Polarization calibration techniques for new-generation VLBI

TL;DR

This paper introduces new calibration software for VLBI polarization observations that addresses limitations of existing algorithms, enabling more accurate analysis with modern high-bandwidth, high-sensitivity arrays.

Contribution

The paper presents novel software capable of simultaneous multi-calibrator fitting, nonlinear instrumental polarization modeling, and self-calibration for polarization leakage in VLBI.

Findings

Improved calibration accuracy for modern VLBI arrays.

Ability to handle high bandwidth and dynamic range data.

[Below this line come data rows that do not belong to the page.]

(* Let $\boldsymbol\alpha$ be a fixed static allocation in the setting described in the context. Then $$\min_{j\ne i^*}\mathrm{LDR}_{j,i^*}\;\ge\;\underline{\mathrm{LDR}}:=\min_{(i,\theta_b)\in\Xi}W_i(\theta_b)G_i(\theta_b),$$ where $\mathrm{LDR}_{j,i^*}:=\min_{\mathbf M\in\mathcal A_j}\sum_{(i,\theta_b)\in I(\mathbf M)}G_i(\theta_b)$.
   Context: There are $k\ge2$ solutions and $B$ parameter values $\theta_1,\dots,\theta_B$ with probabilities $p_1,\dots,p_B>0$, $\sum_bp_b=1$. For each $i,b$, $y_i(\theta_b)$ is the mean simulation output of solution $i$ at $\theta_b$, with simulation variance $\lambda_i^2(\theta_b)>0$. Each $i^b=\arg\min_iy_i(\theta_b)$ is assumed unique, and $i^*=\arg\max_i\sum_bp_b\mathbf 1\{i=i^b\}$ is assumed unique. Favorable sets: $\Theta_i=\{\theta_b:i^b=i\}$. A static allocation is $\boldsymbol\alpha$ with $\alpha_i(\theta_b)\ge0$, $\sum_{i,b}\alpha_i(\theta_b)=1$. For $i\ne i^b$, $$G_i(\theta_b)=\frac{(y_i(\theta_b)-y_{i^b}(\theta_b))^2}{2\left(\lambda_i^2(\theta_b)/\alpha_i(\theta_b)+\lambda_{i^b}^2(\theta_b)/\alpha_{i^b}(\theta_b)\right)},$$ with $G_i(\theta_b)=0$ if $\alpha_i(\theta_b)=0$ or $\alpha_{i^b}(\theta_b)=0$. Let $\mathcal M=\{\mathbf M\in\{0,1\}^{k\times B}:\mathbf M^\top\mathbf 1_k=\mathbf 1_B\}$ with entries $m_{i,b}$; $d_j(\mathbf M)=\sum_bp_bm_{i^*,b}-\sum_bp_bm_{j,b}$; $I(\mathbf M)=\{(i,\theta_b):m_{i,b}=1,i\ne i^b\}$; for $j\ne i^*$, $\mathcal A_j=\{\mathbf M\in\mathcal M:d_j(\mathbf M)\le0\}$. Let $d_j=\sum_bp_b\mathbf 1\{i^*=i^b\}-\sum_bp_b\mathbf 1\{j=i^b\}$. Let $\Xi=\{(i,\theta_b):i\ne i^*,i\ne i^b\}$. Balance weights: $W_i(\theta_b)=\infty$ for $(i,\theta_b)\notin\Xi$, and for $(i,\theta_b)\in\Xi$, $$W_i(\theta_b)=\begin{cases}\max\left\{\min\left(\min_{j\ne i^*}d_j,\ d_i/2\right)/p_b,\ 1\right\},&\theta_b\in\Theta_{i^*},\\ \max\{d_i/p_b,1\},&\theta_b\notin\Theta_{i^*}.\end{cases}$$ *)

From HB Require Import structures.
From mathcomp Require Import all_boot all_order all_algebra.
From mathcomp Require Import constructive_ereal.
Set Implicit Arguments. Unset Strict Implicit. Unset Printing Implicit Defensive.
Import Order.TTheory GRing.Theory Num.Theory.
Local Open Scope ring_scope.

Section Defs.
Variables (R : realFieldType) (k B : nat).

Definition Gfun (y lam alpha : 'I_k -> 'I_B -> R) (ibest : 'I_B -> 'I_k)
    (i : 'I_k) (b : 'I_B) : R :=
  if (alpha i b == 0) || (alpha (ibest b) b == 0) then 0 else
  (y i b - y (ibest b) b) ^+ 2 /
    (2 * (lam i b ^+ 2 / alpha i b + lam (ibest b) b ^+ 2 / alpha (ibest b) b)).

Definition inMset (M : 'M[bool]_(k, B)) : bool :=
  [forall b : 'I_B, (\sum_(i < k) (M i b : nat))%N == 1%N].

Definition dM (p : 'I_B -> R) (istar j : 'I_k) (M : 'M[bool]_(k, B)) : R :=
  \sum_(b < B) p b * (M istar b)%:R - \sum_(b < B) p b * (M j b)%:R.

Definition inIM (ibest : 'I_B -> 'I_k) (M : 'M[bool]_(k, B)) (ib : 'I_k * 'I_B)
  : bool := M ib.1 ib.2 && (ib.1 != ibest ib.2).

Definition inA (p : 'I_B -> R) (istar j : 'I_k) (M : 'M[bool]_(k, B)) : bool :=
  inMset M && (dM p istar j M <= 0).

Definition LDR (p : 'I_B -> R) (y lam alpha : 'I_k -> 'I_B -> R)
    (ibest : 'I_B -> 'I_k) (istar j : 'I_k) : \bar R :=
  \big[Order.min/+oo%E]_(M : 'M[bool]_(k, B) | inA p istar j M)
     (\sum_(ib : 'I_k * 'I_B | inIM ibest M ib) Gfun y lam alpha ibest ib.1 ib.2)%:E.

Definition dtrue (p : 'I_B -> R) (ibest : 'I_B -> 'I_k) (istar j : 'I_k) : R :=
  \sum_(b < B) p b * (istar == ibest b)%:R - \sum_(b < B) p b * (j == ibest b)%:R.

Definition inXi (ibest : 'I_B -> 'I_k) (istar : 'I_k) (ib : 'I_k * 'I_B) : bool :=
  (ib.1 != istar) && (ib.1 != ibest ib.2).

Definition Wfun (p : 'I_B -> R) (ibest : 'I_B -> 'I_k) (istar : 'I_k)
    (i : 'I_k) (b : 'I_B) : \bar R :=
  if ~~ inXi ibest istar (i, b) then +oo%E else
  if ibest b == istar then
    Order.max
      ((Order.min (\big[Order.min/+oo%E]_(j < k | j != istar) (dtrue p ibest istar j)%:E)
                  (dtrue p ibest istar i / 2)%:E) * ((p b)^-1)%:E)%E
      1%E
  else Order.max ((dtrue p ibest istar i / p b)%:E) 1%E.

Definition LDRlow (p : 'I_B -> R) (y lam alpha : 'I_k -> 'I_B -> R)
    (ibest : 'I_B -> 'I_k) (istar : 'I_k) : \bar R :=
  \big[Order.min/+oo%E]_(ib : 'I_k * 'I_B | inXi ibest istar ib)
     (Wfun p ibest istar ib.1 ib.2 * (Gfun y lam alpha ibest ib.1 ib.2)%:E)%E.

End Defs.

(* Fix j <> i* and M in A_j, and let w be the balance weight on Xi before its
   truncation, so that W = max (w, 1).  Each column of M holds a single 1, and a
   case analysis on its row gives, for every b,
     p_b * (column b of d_j - d_j(M)) <= d_j * sum_{i | (i, theta_b) in Xi /\ I(M)} 1/w_i(theta_b).
   Summing over b and using d_j - d_j(M) >= d_j > 0 yields sum_{Xi /\ I(M)} 1/w >= 1,
   hence sum_{Xi /\ I(M)} 1/W >= 1.  If W_c G_c > S := sum_{Xi /\ I(M)} G held for
   every c in Xi /\ I(M), summing G_c > S / W_c would give S > S; so some c in Xi
   has W_c G_c <= S, and S is at most the cost of M. *)

From HB Require Import structures.
From mathcomp Require Import all_boot all_order all_algebra.
From mathcomp Require Import constructive_ereal.
From mathcomp Require Import lra.
Set Implicit Arguments. Unset Strict Implicit. Unset Printing Implicit Defensive.
Import Order.TTheory GRing.Theory Num.Theory.
Local Open Scope ring_scope.

Section WeightedPigeonhole.
Variables (R : realFieldType) (T : finType) (P : pred T).

Lemma exists_weighted_le_sum (w g : T -> R) :
  (forall c, P c -> 0 < w c) -> (forall c, P c -> 0 <= g c) ->
  1 <= \sum_(c | P c) (w c)^-1 ->
  exists2 c, P c & w c * g c <= \sum_(c | P c) g c.
Proof.
move=> w_gt0 g_ge0 inv_ge1; set S := \sum_(c | P c) g c.
case: (boolP [exists c, P c && (w c * g c <= S)]) => [/existsP[c /andP[]]|].
  by exists c.
move=> /existsPn S_lt; exfalso.
have [c0 Pc0] : exists c, P c.
  case: (pickP P) => [c Pc|P0]; first by exists c.
  by move: inv_ge1; rewrite big_pred0 // ler10.
have S_ge0 : 0 <= S by exact: sumr_ge0.
have : S * \sum_(c | P c) (w c)^-1 < S.
  rewrite mulr_sumr; apply: ltr_sum => [|c Pc].
    by apply/hasP; exists c0; rewrite ?mem_index_enum.
  have := S_lt c; rewrite Pc /= -ltNge => Sc.
  by rewrite ltr_pdivrMr ?w_gt0 // mulrC.
by rewrite ltNge ler_peMr.
Qed.

Lemma sum_inv_max1_ge1 (x : T -> R) :
  1 <= \sum_(c | P c) (x c)^-1 -> 1 <= \sum_(c | P c) (Num.max (x c) 1)^-1.
Proof.
move=> inv_ge1.
have max_inv_ge0 c : 0 <= (Num.max (x c) 1)^-1.
  by rewrite invr_ge0 le_max ler01 orbT.
case: (boolP [exists c, P c && (x c <= 1)]) => [/existsP[c /andP[Pc xc]]|].
  rewrite (bigD1 c) //= (max_r xc) invr1 lerDl.
  exact: sumr_ge0.
move=> /existsPn x_gt1; rewrite (eq_bigr (fun c => (x c)^-1)) // => c Pc.
by have := x_gt1 c; rewrite Pc /= -ltNge => /ltW/max_l ->.
Qed.

End WeightedPigeonhole.

Lemma bigmin_EFin_attained (R : realDomainType) (I : finType) (P : pred I)
    (F : I -> R) (i0 : I) :
  P i0 -> exists2 i, P i & (\big[Order.min/+oo]_(i | P i) (F i)%:E = (F i)%:E)%E.
Proof.
move=> Pi0; rewrite (bigmin_eq_arg _ i0) // => [|i _]; last exact: leey.
by case: arg_minP => // i Pi _; exists i.
Qed.

Lemma inMset_onehot (k B : nat) (M : 'M[bool]_(k, B)) :
  inMset M -> forall b, exists a, forall i, M i b = (i == a).
Proof.
move=> /forallP colM b; have /sum_nat_eq1[a [_ Mab M0]] := colM b.
exists a => i; case: eqVneq => [->|ia]; first by case: (M a b) Mab.
by have := M0 i ia isT; case: (M i b).
Qed.

Lemma Gfun_ge0 (R : realFieldType) (k B : nat) (y lam alpha : 'I_k -> 'I_B -> R)
    (ibest : 'I_B -> 'I_k) :
  (forall i b, 0 <= alpha i b) -> forall i b, 0 <= Gfun y lam alpha ibest i b.
Proof.
move=> alpha_ge0 i b; rewrite /Gfun; case: ifP => // _.
by rewrite divr_ge0 ?sqr_ge0 // mulr_ge0 // addr_ge0 // divr_ge0 ?sqr_ge0.
Qed.

Lemma sum_column_onehot (R : nmodType) (k B : nat) (ibest : 'I_B -> 'I_k)
    (istar : 'I_k) (M : 'M[bool]_(k, B)) (a : 'I_k) (b : 'I_B) (F : 'I_k -> R) :
  (forall i, M i b = (i == a)) ->
  \sum_(i | inIM ibest M (i, b) && inXi ibest istar (i, b)) F i
    = if inXi ibest istar (a, b) then F a else 0.
Proof.
move=> colM; rewrite (eq_bigl (fun i => (i == a) && inXi ibest istar (a, b))) => [|i].
  case: ifP => _; last by rewrite big_pred0 // => i; rewrite andbF.
  by rewrite (eq_bigl (pred1 a)) ?big_pred1_eq // => i; rewrite andbT.
rewrite /inIM /inXi /= colM; case: eqVneq => //= ->.
by case: (a != istar); case: (a != ibest b).
Qed.

Section BalanceWeights.
Variables (R : realFieldType) (k B : nat) (p : 'I_B -> R) (ibest : 'I_B -> 'I_k)
  (istar : 'I_k).
Hypothesis p_gt0 : forall b, 0 < p b.
Hypothesis istar_mode : forall i, i != istar ->
  \sum_(b < B) p b * (i == ibest b)%:R < \sum_(b < B) p b * (istar == ibest b)%:R.

Local Notation d := (dtrue p ibest istar).

Lemma dtrue_gt0 j : j != istar -> 0 < d j.
Proof. by move=> jn; rewrite subr_gt0 istar_mode. Qed.

Definition dmin : R := fine (\big[Order.min/+oo]_(i < k | i != istar) (d i)%:E)%E.

Lemma dminE j : j != istar ->
  (\big[Order.min/+oo]_(i < k | i != istar) (d i)%:E)%E = dmin%:E.
Proof.
move=> jn; have [i _ e] := bigmin_EFin_attained (P := fun i => i != istar) d jn.
by rewrite /dmin e.
Qed.

Lemma dmin_gt0 j : j != istar -> 0 < dmin.
Proof.
move=> jn; have [i i_n e] := bigmin_EFin_attained (P := fun i => i != istar) d jn.
by rewrite /dmin e dtrue_gt0.
Qed.

Lemma dmin_le j : j != istar -> dmin <= d j.
Proof. by move=> jn; rewrite -lee_fin -(dminE jn); exact: bigmin_le_cond. Qed.

Definition Wraw (i : 'I_k) (b : 'I_B) : R :=
  if ibest b == istar then Num.min dmin (d i / 2) / p b else d i / p b.

Lemma Wfun_inXi i b : inXi ibest istar (i, b) ->
  Wfun p ibest istar i b = (Num.max (Wraw i b) 1)%:E.
Proof.
move=> Xib; have /andP[i_n _] := Xib.
rewrite /Wfun Xib /= (dminE i_n) /Wraw.
by case: ifP => _; rewrite ?EFin_max -?EFin_min -?EFinM.
Qed.

(* When column b of M is the indicator of row a, the left side is p_b times
   column b of d_j - d_j(M). *)
Lemma column_gap_le j a b : j != istar ->
  p b * ((istar == ibest b)%:R - (j == ibest b)%:R - (istar == a)%:R + (j == a)%:R)
    <= d j * (if inXi ibest istar (a, b) then (Wraw a b)^-1 else 0).
Proof.
move=> jn; have dj := dtrue_gt0 jn; have pb := p_gt0 b.
rewrite /inXi /=; case: (eqVneq a (ibest b)) => [<-|ab].
  rewrite andbF mulr0; lra.
rewrite andbT; case: (eqVneq a istar) ab => [-> ab|a_n ab] /=.
  rewrite (negbTE jn) (negbTE ab) mulr0 mulr0n.
  have := ler0n R (j == ibest b); nra.
have da := dtrue_gt0 a_n; rewrite /Wraw.
case: (eqVneq (ibest b) istar) => [ib|ib].
  have m_gt0 : 0 < Num.min dmin (d a / 2) by rewrite lt_min (dmin_gt0 a_n) divr_gt0.
  rewrite ib (negbTE jn) invf_div mulrA ler_pdivlMr //.
  case: (eqVneq j a) => [->|ja]; rewrite ?mulr1n ?mulr0n.
    have : Num.min dmin (d a / 2) <= d a / 2 by rewrite ge_min lexx orbT.
    nra.
  have : Num.min dmin (d a / 2) <= d j by rewrite ge_min dmin_le.
  nra.
case: (eqVneq j a) => [->|ja]; rewrite ?mulr1n ?mulr0n.
  rewrite (negbTE ab) invf_div mulrCA mulfV ?gt_eqF // mulr0n; lra.
have : 0 <= d j / (d a / p b) by rewrite divr_ge0 // ltW // divr_gt0.
have := ler0n R (j == ibest b); nra.
Qed.

Lemma sum_inv_Wraw_ge1 j (M : 'M[bool]_(k, B)) : j != istar -> inA p istar j M ->
  1 <= \sum_(c | inIM ibest M c && inXi ibest istar c) (Wraw c.1 c.2)^-1.
Proof.
move=> jn /andP[/inMset_onehot colM dM_le0]; have dj := dtrue_gt0 jn.
set P' := fun c => inIM ibest M c && inXi ibest istar c.
have -> : \sum_(c | P' c) (Wraw c.1 c.2)^-1
    = \sum_b \sum_(i | P' (i, b)) (Wraw i b)^-1.
  by rewrite (exchange_big_dep predT) //= pair_big_dep; apply: eq_bigl => -[].
rewrite -(ler_pM2l dj) mulr1 mulr_sumr.
apply: (@le_trans _ _ (d j - dM p istar j M)); first by rewrite lerDl oppr_ge0.
have -> : d j - dM p istar j M = \sum_b p b *
    ((istar == ibest b)%:R - (j == ibest b)%:R - (M istar b)%:R + (M j b)%:R).
  rewrite /dM /dtrue; apply/esym; under eq_bigr do rewrite mulrDr !mulrBr.
  rewrite !(big_split, sumrN) /=; lra.
apply: ler_sum => b _; have [a colMb] := colM b.
by rewrite !colMb (sum_column_onehot _ _ _ colMb) column_gap_le.
Qed.

End BalanceWeights.

Theorem theorem2 (R : realFieldType) (k B : nat) (hk : (2 <= k)%N)
  (p : 'I_B -> R) (hp : forall b, 0 < p b) (hp1 : \sum_(b < B) p b = 1)
  (y lam : 'I_k -> 'I_B -> R) (hlam : forall i b, 0 < lam i b ^+ 2)
  (ibest : 'I_B -> 'I_k)
  (hibest : forall b i, i != ibest b -> y (ibest b) b < y i b)
  (istar : 'I_k)
  (histar : forall i, i != istar ->
     \sum_(b < B) p b * (i == ibest b)%:R < \sum_(b < B) p b * (istar == ibest b)%:R)
  (alpha : 'I_k -> 'I_B -> R) (halpha0 : forall i b, 0 <= alpha i b)
  (halpha1 : \sum_(i < k) \sum_(b < B) alpha i b = 1) :
  (LDRlow p y lam alpha ibest istar
     <= \big[Order.min/+oo%E]_(j < k | j != istar) LDR p y lam alpha ibest istar j)%E.
Proof.
apply: le_bigmin => [|j jn]; first exact: leey.
apply: le_bigmin => [|M MA]; first exact: leey.
have G_ge0 := Gfun_ge0 y lam ibest halpha0.
have W_gt0 c : 0 < Num.max (Wraw p ibest istar c.1 c.2) 1.
  by rewrite lt_max ltr01 orbT.
have [c /andP[cM cXi] cWG] := exists_weighted_le_sum
  (w := fun c => Num.max (Wraw p ibest istar c.1 c.2) 1)
  (g := fun c => Gfun y lam alpha ibest c.1 c.2)
  (fun c _ => W_gt0 c) (fun c _ => G_ge0 c.1 c.2)
  (sum_inv_max1_ge1 (sum_inv_Wraw_ge1 hp histar jn MA)).
apply: (bigmin_inf c) => //; rewrite Wfun_inXi // -EFinM lee_fin (le_trans cWG) //.
rewrite [leRHS](bigID (inXi ibest istar)) /= lerDl.
by apply: sumr_ge0 => *; exact: G_ge0.
Qed.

Enhanced modeling of instrumental polarization effects.

Abstract

The calibration and analysis of polarization observations in Very Long Baseline Interferometry (VLBI) requires the use of specific algorithms that suffer from several limitations, closely related to assumptions in the data properties that may not hold in observations taken with new-generation VLBI equipment. Nowadays, the instantaneous bandwidth achievable with VLBI backends can be as high as several GHz, covering several radio bands simultaneously. In addition, the sensitivity of VLBI observations with state-of-the-art equipment may reach dynamic ranges of tens of thousands, both in total intensity and in polarization. In this paper, we discuss the impact of the limitations of common VLBI polarimetry algorithms on narrow-field observations taken with modern VLBI arrays (from the VLBI Global Observing System, VGOS, to the Event Horizon Telescope, EHT) and present new software that overcomes these limitations. In particular, our software is able to perform a simultaneous fit of multiple calibrator sources, include non-linear terms in the model of the instrumental polarization and use a self-calibration approach for the estimate of the polarization leakage in the antenna receivers.